[Records shown]
::::

(* Let $X,Y$ be countable discrete metric spaces and $d\in D(X,Y)$. Then $\mathbb K(H_X,H_Y)\subset M_d(X,Y)$. Moreover, if $\mathbb K(H_X,H_Y)=M_d(X,Y)$, then there exists $L>0$ such that for every injective map $f:X\to Y$ the set $\{x\in X: d(x,f(x))\le L\}$ is finite.
   Context: $H_X=l^2(X)$ with basis $\{\delta_x\}$; $\mathbb K(H_X,H_Y)$ is the space of compact operators $H_X\to H_Y$. $D(X,Y)$ is the set of metrics on $X\sqcup Y$ restricting to $d_X$ and $d_Y$. For $T:H_X\to H_Y$ bounded, $T_{yx}=\langle T\delta_x,\delta_y\rangle$; $T$ has propagation less than $L$ w.r.t. $d$ if $T_{yx}=0$ whenever $d(x,y)\ge L$. $M_d(X,Y)$ is the norm closure in $\mathbb B(H_X,H_Y)$ of the bounded operators of finite propagation w.r.t. $d$. *)

From Stdlib Require Import Reals List ClassicalEpsilon.
Open Scope R_scope.

Definition C : Type := (R * R)%type.
Definition C0 : C := (0, 0).
Definition C1 : C := (1, 0).
Definition Cplus (z w : C) : C := (fst z + fst w, snd z + snd w).
Definition Cminus (z w : C) : C := (fst z - fst w, snd z - snd w).
Definition Cmult (z w : C) : C :=
  (fst z * fst w - snd z * snd w, fst z * snd w + snd z * fst w).
Definition Cnorm2 (z : C) : R := fst z * fst z + snd z * snd z.

Definition is_metric {T : Type} (d : T -> T -> R) : Prop :=
  (forall x y, 0 <= d x y) /\
  (forall x y, d x y = 0 <-> x = y) /\
  (forall x y, d x y = d y x) /\
  (forall x y z, d x z <= d x y + d y z).

Definition countable (T : Type) : Prop :=
  exists f : T -> nat, forall a b, f a = f b -> a = b.

Definition discrete_metric {T : Type} (d : T -> T -> R) : Prop :=
  forall x, exists r, 0 < r /\ forall y, d x y < r -> y = x.

Definition in_D {X Y : Type} (dX : X -> X -> R) (dY : Y -> Y -> R)
  (d : (X + Y) -> (X + Y) -> R) : Prop :=
  is_metric d /\
  (forall a b, d (inl a) (inl b) = dX a b) /\
  (forall a b, d (inr a) (inr b) = dY a b).

Definition fsum_sq {X : Type} (u : X -> C) (l : list X) : R :=
  fold_right (fun x acc => Cnorm2 (u x) + acc) 0 l.

Definition normsq_le {X : Type} (u : X -> C) (M : R) : Prop :=
  forall l : list X, NoDup l -> fsum_sq u l <= M.

Definition in_l2 {X : Type} (u : X -> C) : Prop := exists M, normsq_le u M.

Definition delta {X : Type} (x : X) : X -> C :=
  fun x' => if excluded_middle_informative (x' = x) then C1 else C0.

(* ---------- operators H_X -> H_Y ----------
   An operator is a map T : (X -> C) -> (Y -> C); only its values on
   l^2 vectors matter. *)
Definition Op (X Y : Type) : Type := (X -> C) -> (Y -> C).

Definition linear_op {X Y : Type} (T : Op X Y) : Prop :=
  forall (a : C) (u v : X -> C), in_l2 u -> in_l2 v ->
    forall y, T (fun x => Cplus (Cmult a (u x)) (v x)) y
              = Cplus (Cmult a (T u y)) (T v y).

Definition opnorm_le {X Y : Type} (T : Op X Y) (K : R) : Prop :=
  forall (v : X -> C) (M : R), normsq_le v M -> normsq_le (T v) (K * K * M).

Definition bounded_op {X Y : Type} (T : Op X Y) : Prop :=
  linear_op T /\ exists K, 0 <= K /\ opnorm_le T K.

Definition op_minus {X Y : Type} (T S : Op X Y) : Op X Y :=
  fun v y => Cminus (T v y) (S v y).

Definition coef {X Y : Type} (T : Op X Y) (y : Y) (x : X) : C := T (delta x) y.

Definition compact_op {X Y : Type} (T : Op X Y) : Prop :=
  bounded_op T /\
  forall (v : nat -> X -> C) (B : R), (forall n, normsq_le (v n) B) ->
    exists phi : nat -> nat, (forall n, (phi n < phi (S n))%nat) /\
    exists w : Y -> C, in_l2 w /\
      forall eps, 0 < eps -> exists N, forall n, (N <= n)%nat ->
        normsq_le (fun y => Cminus (T (v (phi n)) y) (w y)) eps.

Definition propagation_lt {X Y : Type} (d : (X + Y) -> (X + Y) -> R)
  (T : Op X Y) (L : R) : Prop :=
  forall x y, L <= d (inl x) (inr y) -> coef T y x = C0.

Definition in_Md {X Y : Type} (d : (X + Y) -> (X + Y) -> R) (T : Op X Y) : Prop :=
  bounded_op T /\
  forall eps, 0 < eps -> exists S : Op X Y,
    bounded_op S /\ (exists L, propagation_lt d S L) /\
    opnorm_le (op_minus T S) eps.

Definition injective {A B : Type} (f : A -> B) : Prop :=
  forall a b, f a = f b -> a = b.

(* A compact operator T is approximated in
   norm by a truncation P_G T P_F to finite sets F ⊆ X, G ⊆ Y; such a
   truncation has a finite matrix, hence finite propagation.  Two tail
   estimates make the error small:
   - compactness gives a finite G ⊆ Y outside of which T v is uniformly small
     over the unit ball ([compact_uniform_tail]);
   - boundedness makes each row x ↦ T_{yx} an l^2 vector (Cauchy–Schwarz), so
     for each y ∈ G a finite F_y ⊆ X controls |(T v)(y)| for unit vectors v
     vanishing on F_y ([bounded_row_tail]); F is the union of the F_y.
   Part 2.  If M_d(X,Y) ⊆ K(H_X,H_Y), then for every L and every injection f
   the set {x | d(x,f x) ≤ L} is finite: otherwise the partial isometry
   δ_x ↦ δ_{f x} on that set has propagation at most L, hence is compact, yet
   it maps an infinite orthonormal family onto an orthonormal family.

   Neither part uses countability or discreteness of X and Y, nor any metric
   axiom of d; l^2, bounded and compact operators are the explicit notions of Defs. *)
From Pilot Require Import Defs.
From Stdlib Require Import Reals List Lra Psatz Classical ClassicalEpsilon
  FunctionalExtensionality.
Open Scope R_scope.

(* Stdlib's Reals also define [C], [C0], [C1]; refer to the complex ones. *)
Local Notation C := Defs.C.
Local Notation C0 := Defs.C0.
Local Notation C1 := Defs.C1.

Ltac ceq := unfold Cplus, Cmult, Cminus, C0, C1, Cnorm2 in *; simpl in *; f_equal; ring.

Lemma Cnorm2_nonneg z : 0 <= Cnorm2 z.
Proof. destruct z as [a b]; unfold Cnorm2; simpl; nra. Qed.

Lemma Cnorm2_C0 : Cnorm2 C0 = 0.
Proof. unfold Cnorm2, C0; simpl; ring. Qed.

Lemma Cnorm2_eq0 z : Cnorm2 z = 0 -> z = C0.
Proof. destruct z as [a b]; unfold Cnorm2, C0; simpl; intros; f_equal; nra. Qed.

Lemma Cnorm2_add_le z w : Cnorm2 (Cplus z w) <= 2 * Cnorm2 z + 2 * Cnorm2 w.
Proof.
  destruct z as [a b], w as [c d]; unfold Cnorm2, Cplus; simpl.
  pose proof (pow2_ge_0 (a - c)); pose proof (pow2_ge_0 (b - d)); nra.
Qed.

Lemma Cnorm2_le_diff z w : Cnorm2 z <= 2 * Cnorm2 (Cminus z w) + 2 * Cnorm2 w.
Proof.
  destruct z as [a b], w as [c d]; unfold Cnorm2, Cminus; simpl.
  pose proof (pow2_ge_0 (a - 2*c)); pose proof (pow2_ge_0 (b - 2*d)); nra.
Qed.

Lemma Cnorm2_sub_le z w v :
  Cnorm2 (Cminus z w) <= 2 * Cnorm2 (Cminus z v) + 2 * Cnorm2 (Cminus w v).
Proof.
  destruct z as [a b], w as [c d], v as [e f]; unfold Cnorm2, Cminus; simpl.
  pose proof (pow2_ge_0 (a + c - 2*e)); pose proof (pow2_ge_0 (b + d - 2*f)); nra.
Qed.

(** * Finite sums of squared moduli *)

Section FiniteSums.
Context {A : Type}.
Implicit Types (u v w : A -> C) (l : list A).

Lemma fsum_nonneg u l : 0 <= fsum_sq u l.
Proof. induction l; simpl; [lra|]. pose proof (Cnorm2_nonneg (u a)); lra. Qed.

Lemma fsum_app u l1 l2 : fsum_sq u (l1 ++ l2) = fsum_sq u l1 + fsum_sq u l2.
Proof. induction l1; simpl; [lra|]. rewrite IHl1; lra. Qed.

Lemma fsum_le_combination u v w l a b :
  (forall x, In x l -> Cnorm2 (u x) <= a * Cnorm2 (v x) + b * Cnorm2 (w x)) ->
  fsum_sq u l <= a * fsum_sq v l + b * fsum_sq w l.
Proof.
  induction l as [|x l IH]; intros H; simpl; [lra|].
  pose proof (H x (or_introl eq_refl)).
  assert (fsum_sq u l <= a * fsum_sq v l + b * fsum_sq w l)
    by (apply IH; intros; apply H; right; auto).
  lra.
Qed.

Lemma fsum_mono u v l :
  (forall x, In x l -> Cnorm2 (u x) <= Cnorm2 (v x)) -> fsum_sq u l <= fsum_sq v l.
Proof.
  intros H. pose proof (fsum_le_combination u v v l 1 0) as Hc.
  rewrite !Rmult_0_l, Rplus_0_r, Rmult_1_l in Hc. apply Hc.
  intros x Hx. rewrite Rmult_0_l, Rplus_0_r, Rmult_1_l. auto.
Qed.

Lemma fsum_ext u v l :
  (forall x, In x l -> Cnorm2 (u x) = Cnorm2 (v x)) -> fsum_sq u l = fsum_sq v l.
Proof. intros H; apply Rle_antisym; apply fsum_mono; intros x Hx; rewrite H; auto; lra. Qed.

Lemma fsum_add u v w l :
  (forall x, Cnorm2 (u x) = Cnorm2 (v x) + Cnorm2 (w x)) ->
  fsum_sq u l = fsum_sq v l + fsum_sq w l.
Proof. intros H; induction l; simpl; [lra|]. rewrite IHl, H. lra. Qed.

Lemma fsum_zero u l : (forall x, Cnorm2 (u x) = 0) -> fsum_sq u l = 0.
Proof. intros H; induction l; simpl; [lra|]. rewrite IHl, H. lra. Qed.

Lemma fsum_scale u c l : fsum_sq (fun x => Cmult (c, 0) (u x)) l = c * c * fsum_sq u l.
Proof.
  induction l; simpl; [ring|]. rewrite IHl. destruct (u a); unfold Cnorm2, Cmult; simpl; ring.
Qed.

Lemma fsum_bound u l c :
  (forall x, In x l -> Cnorm2 (u x) <= c) -> fsum_sq u l <= INR (length l) * c.
Proof.
  induction l as [|x l IH]; intros H; [simpl; lra|].
  pose proof (H x (or_introl eq_refl)).
  assert (fsum_sq u l <= INR (length l) * c) by (apply IH; intros; apply H; right; auto).
  cbn [length fsum_sq fold_right]; rewrite S_INR. unfold fsum_sq in *. lra.
Qed.

Lemma fsum_incl u l1 : NoDup l1 -> forall l2, incl l1 l2 -> fsum_sq u l1 <= fsum_sq u l2.
Proof.
  induction 1 as [|a l1 Ha Hnd IH]; intros l2 Hi.
  - simpl; apply fsum_nonneg.
  - destruct (in_split _ _ (Hi a (or_introl eq_refl))) as [p [q ->]].
    assert (Hsub : fsum_sq u l1 <= fsum_sq u (p ++ q)).
    { apply IH. intros x Hx.
      assert (Hx2 : In x (p ++ a :: q)) by (apply Hi; right; auto).
      apply in_app_or in Hx2. apply in_or_app.
      destruct Hx2 as [H|[H|H]]; auto. subst; contradiction. }
    rewrite fsum_app in Hsub |- *. simpl. lra.
Qed.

::::

Every line of the listing that includes "Notation" must be shown.

[Worked solution]
Local Notation C := Defs.C.
Local Notation C0 := Defs.C0.
Local Notation C1 := Defs.C1.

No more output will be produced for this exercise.